Introduction
The Sibylean Kingdom is a hereditary constitutional matriarchy laying claim to the entirety of Star Beta’s gravitational influence. All planets within the system are either gas giants or ice giants (“ice” referring to a variety of volatiles such as water, ammonia, and methane). However, these gaseous planets retain many moons. The gas giant Dowager is certainly the centerpiece of this stellar system, with twelve large moons over one thousand kilometers in diameter. The lunar settlement of Sibyl is the capital world and Tencair is by far the largest population center and seat of the queen.
Under basic climatographic assumptions, Sibyl would be quite cold at its surface given its position near the edge of Astrild’s habitable zone. Geothermal activity tidally induced by the parent gas giant Dowager keeps surface life productive. Even with fusion power available, geothermal wells provide the majority of Tencair’s power, as the power generation method is cheap, simple, and prized for its reliability.
Other moons of Dowager are uninhabitable at the surface but resource-rich, securing the Sibyleans’ every need except for agriculture.
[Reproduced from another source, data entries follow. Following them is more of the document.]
Lemma rect_integral_bound (g : C -> C) r K : proper_rect r ->
  (forall z, on_boundary r z -> Ccontinuous g z /\ Cmod (g z) <= K) ->
  Cmod (rect_integral g r) <= 2 * rect_size r * K.
Proof.
  intros Hr Hg. pose proof Hr as [Hx Hy]. unfold rect_integral, rect_size.
  assert (Hb := path_integral_bound _ _ (affine_path_horizontal (ry0 r)) g (rx0 r) (rx1 r) K Hx
                 (boundary_bottom r _ Hr Hg)).
  assert (Ht := path_integral_bound _ _ (affine_path_horizontal (ry1 r)) g (rx0 r) (rx1 r) K Hx
                 (boundary_top r _ Hr Hg)).
  assert (Hl := path_integral_bound _ _ (affine_path_vertical (rx0 r)) g (ry0 r) (ry1 r) K Hy
                 (boundary_left r _ Hr Hg)).
  assert (Hrt := path_integral_bound _ _ (affine_path_vertical (rx1 r)) g (ry0 r) (ry1 r) K Hy
                 (boundary_right r _ Hr Hg)).
  rewrite Cmod_1 in Hb, Ht. rewrite Cmod_Ci in Hl, Hrt.
  eapply Rle_trans; [apply Cmod_add_sub_sub_le | lra].
Qed.

Lemma rect_integral_primitive (G g : C -> C) r : proper_rect r ->
  (forall z, on_boundary r z -> is_Cderive G z (g z) /\ Ccontinuous g z) ->
  rect_integral g r = RtoC 0.
Proof.
  intros Hr Hg. pose proof Hr as [Hx Hy]. unfold rect_integral.
  rewrite (path_integral_primitive _ _ (affine_path_horizontal (ry0 r)) G g _ _ Hx
             (boundary_bottom r _ Hr Hg)),
    (path_integral_primitive _ _ (affine_path_horizontal (ry1 r)) G g _ _ Hx
       (boundary_top r _ Hr Hg)),
    (path_integral_primitive _ _ (affine_path_vertical (rx0 r)) G g _ _ Hy
       (boundary_left r _ Hr Hg)),
    (path_integral_primitive _ _ (affine_path_vertical (rx1 r)) G g _ _ Hy
       (boundary_right r _ Hr Hg)).
  ring.
Qed.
Surviving on what amounts to a volcanic tundra world has instilled the population with a sense of frugality and egalitarian tendencies among commoners, and an irenic monarchy, ensuring the Sibyleans rarely live far beyond their means.
Society
The politics of the Kingdom have one familial component and one interest group component. An extended family unit is called a house (hus), and this is nominally the first of an individual’s two surnames, the second being a matronym or (rarely) patronym for disambiguation where necessary, such as in government bureaucracy and identification.
A political interest group is called a college (kolej), and a house can freely move between these at any time. A house must move between colleges as a whole. Therefore, house splits are possible and even likely over political differences or family feuds, and this has happened in the history of several greater houses and at least one royal house. The ruling government will typically be filled entirely by the college the queen’s house belongs to, or sometimes an alliance between two colleges.
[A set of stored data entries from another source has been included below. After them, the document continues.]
Definition setdigit_ord (j : 'I_(dimN ns)) (t : 'I_(nth 1 ns a)) : 'I_(dimN ns) :=
  Ordinal (setdigit_lt ns_gt0 (ltn_ord a) (ltn_ord j) (ltn_ord t)).

Lemma digit_setdigit_ord j t : digit ns (setdigit_ord j t) a = t.
Proof. exact: digit_setdigit. Qed.

Lemma digit_ord_setdigit j t : digit_ord (setdigit_ord j t) = t.
Proof. exact/val_inj/digit_setdigit_ord. Qed.

Lemma digit_setdigit_ord_neq j t (b : 'I_(size ns)) : b != a ->
  digit ns (setdigit_ord j t) b = digit ns j b.
Proof. exact: digit_setdigit_neq. Qed.

Lemma eq_setdigit_ord (j j' : 'I_(dimN ns)) :
  (forall b : 'I_(size ns), b != a -> digit ns j' b = digit ns j b) ->
  j' = setdigit_ord j (digit_ord j').
Proof.
move=> jj'; apply/val_inj/digit_inj => //; try exact: ltn_ord.
move=> b; have [->|ba] := eqVneq b a; first by rewrite digit_setdigit_ord.
by rewrite digit_setdigit_ord_neq // jj'.
Qed.

Lemma setdigit_ord2 j t t' : setdigit_ord (setdigit_ord j t) t' = setdigit_ord j t'.
Proof.
rewrite [LHS](@eq_setdigit_ord j) ?digit_ord_setdigit // => b ba.
by rewrite !digit_setdigit_ord_neq.
Qed.

Lemma setdigit_ord_id j : setdigit_ord j (digit_ord j) = j.
Proof. by rewrite -eq_setdigit_ord. Qed.

Lemma sum_mode_fiber (V : zmodType) (F : 'I_(dimN ns) -> V) (j : 'I_(dimN ns)) :
  \sum_(j' : 'I_(dimN ns) |
        [forall b : 'I_(size ns), (b != a) ==> (digit ns j' b == digit ns j b)]) F j'
  = \sum_(t < nth 1 ns a) F (setdigit_ord j t).
Proof.
rewrite (partition_big digit_ord xpredT) //=; apply: eq_bigr => t _.
rewrite (big_pred1 (setdigit_ord j t)) // => j'; apply/idP/idP.
  move=> /andP [/forallP jj' /eqP <-]; apply/eqP/eq_setdigit_ord => b ba.
  by apply/eqP; move: (jj' b); rewrite ba.
move=> /eqP ->; rewrite digit_ord_setdigit eqxx andbT.
by apply/forallP => b; apply/implyP => ba; rewrite digit_setdigit_ord_neq.
Qed.

Lemma modeprodE m1 m2 (M : 'M[C]_(nth 1 ns a)) (T : tensor R ns m1 m2) j :
  modeprod M T j = \sum_(t < nth 1 ns a) M (digit_ord j) t *: T (setdigit_ord j t).
Proof.
rewrite /modeprod sum_mode_fiber; apply: eq_bigr => t _.
by rewrite digit_setdigit_ord -[digit ns j a]/(nat_of_ord (digit_ord j)) mxeE.
Qed.

Lemma modeprodM m1 m2 (M N : 'M[C]_(nth 1 ns a)) (T : tensor R ns m1 m2) :
  modeprod M (modeprod N T) = modeprod (M *m N) T.
Proof.
apply: funext => j; rewrite !modeprodE.
under eq_bigr => t _ do rewrite modeprodE digit_ord_setdigit scaler_sumr.
rewrite exchange_big /=; apply: eq_bigr => t' _.
rewrite mxE scaler_suml; apply: eq_bigr => t _.
by rewrite setdigit_ord2 scalerA.
Qed.

Lemma modeprod1 m1 m2 (T : tensor R ns m1 m2) : modeprod (1%:M : 'M[C]_(nth 1 ns a)) T = T.
Proof.
apply: funext => j; rewrite modeprodE (bigD1 (digit_ord j)) //= big1 ?addr0.
  by rewrite mxE eqxx scale1r setdigit_ord_id.
by move=> t /negPf tj; rewrite mxE eq_sym tj scale0r.
Qed.

Lemma modeprod_mxE m1 m2 (M : 'M[C]_(nth 1 ns a)) (T : tensor R ns m1 m2) j r c :
  modeprod M T j r c = \sum_(t < nth 1 ns a) M (digit_ord j) t * T (setdigit_ord j t) r c.
Proof. by rewrite modeprodE summxE; apply: eq_bigr => t _; rewrite mxE. Qed.
End ModeProduct.

Lemma foldr_foldl_cancel (X I : Type) (f g : I -> X -> X) (s : seq I) (x : X) :
  (forall a, cancel (f a) (g a)) ->
  foldr (fun a y => g a y) (foldl (fun y a => f a y) x s) s = x.
Proof. by move=> fK; elim: s x => [//|a s IH] x /=; rewrite IH fK. Qed.

Lemma foldl_foldr_cancel (X I : Type) (f g : I -> X -> X) (s : seq I) (x : X) :
  (forall a, cancel (g a) (f a)) ->
  foldl (fun y a => f a y) (foldr (fun a y => g a y) x s) s = x.
Proof. by move=> gK; elim: s x => [//|a s IH] x /=; rewrite gK IH. Qed.

Section Unitary.
Variable R : realType.
Local Notation C := R[i].
Local Open Scope sesquilinear_scope.
Local Notation "B ^!" :=
  (orthomx conjC (mx_of_hermitian (hermitian1mx _)) B) : matrix_set_scope.

Lemma mxH_trmxC m n (M : 'M[C]_(m, n)) : mxH M = M ^t*.
Proof. by rewrite /mxH map_trmx. Qed.

Lemma mxHE m n (M : 'M[C]_(m, n)) i j : mxH M i j = (M j i)^*.
Proof. by rewrite /mxH !mxE. Qed.

Lemma mxHM m n p (A : 'M[C]_(m, n)) (B : 'M[C]_(n, p)) :
  mxH (A *m B) = mxH B *m mxH A.
Proof. by rewrite !mxH_trmxC trmx_mul map_mxM. Qed.

Lemma mxH_mulmx_unitary n (U : 'M[C]_n) : U \is unitarymx -> mxH U *m U = 1%:M.
Proof. by rewrite mxH_trmxC => /unitarymxP /mulmx1C. Qed.

Lemma mulmx_mxH_unitary n (U : 'M[C]_n) : U \is unitarymx -> U *m mxH U = 1%:M.
Proof. by rewrite mxH_trmxC => /unitarymxP. Qed.

Lemma unitmx_scalar_mxH n (M : 'M[C]_n) (a : C) :
  a != 0 -> M *m mxH M = a%:M -> M \in unitmx.
Proof.
move=> a_neq0 MM; have : M *m (a^-1 *: mxH M) = 1%:M.
  by rewrite -scalemxAr MM scale_scalar_mx mulVf.
by case/mulmx1_unit.
Qed.

Lemma unitarymx_rows_le r n (M : 'M[C]_(r, n)) : M \is unitarymx -> (r <= n)%N.
Proof. by move=> /mxrank_unitary <-; exact: rank_leq_col. Qed.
The government itself is a modified form of curia regis, where the executive authority of the monarch is nearly supreme. The Kingdom today is ruled at any one time by one of twelve royal houses, thanks to a prudent power-sharing compromise brokered by the ruling women of the major clans after centuries of resource warfare. Incremental reforms have been made over the past millennium. Presently, commoners directly elect the queen every ten orbits, or upon the monarch’s death. The monarch must be a female heir of one of the royal houses; thus, this is hardly a properly democratic system. Colleges can see themselves locked out of any real political power for many decades.
The queen rules with the aid of her cabinet, called the Regning. She may freely empower these royal councilors to act on her behalf in any way she deems fit. The persons who serve at the pleasure of the queen are often aristocrats, but need not be: merit is valued over circumstance of birth. (A royal councilor must, however, be a naturalized citizen.) Chancellors hold the highest position in the council in charge of a particular area: economy, foreign affairs, defense, justice and legislation, etc., and lead sessions of councilors, who make up the bulk of the Regning.
Disputes are resolved and alliances formed at the Klatching, a formal assembly of houses and their colleges in the capital Tencair. The Klatching is the base of commoner political power during a queen’s reign. It performs both legislative and civil judicial functions, and all colleges can introduce proposals and exercise realpolitik here, although the final word on any alteration of law is had by the queen. The Klatching can technically dethrone the queen with a supermajority of political support, but this is an event which has never occurred.
The scientists of the Sibylean Kingdom are the best in The Bary. A series of meritocratic councils run daily bureaucracy and political errands for the queen in her name, and this form of enlightened monarchy has very few direct opponents.
Ashlee Rinn Jensdottir, the main character of the novel, is a citizen of the Kingdom.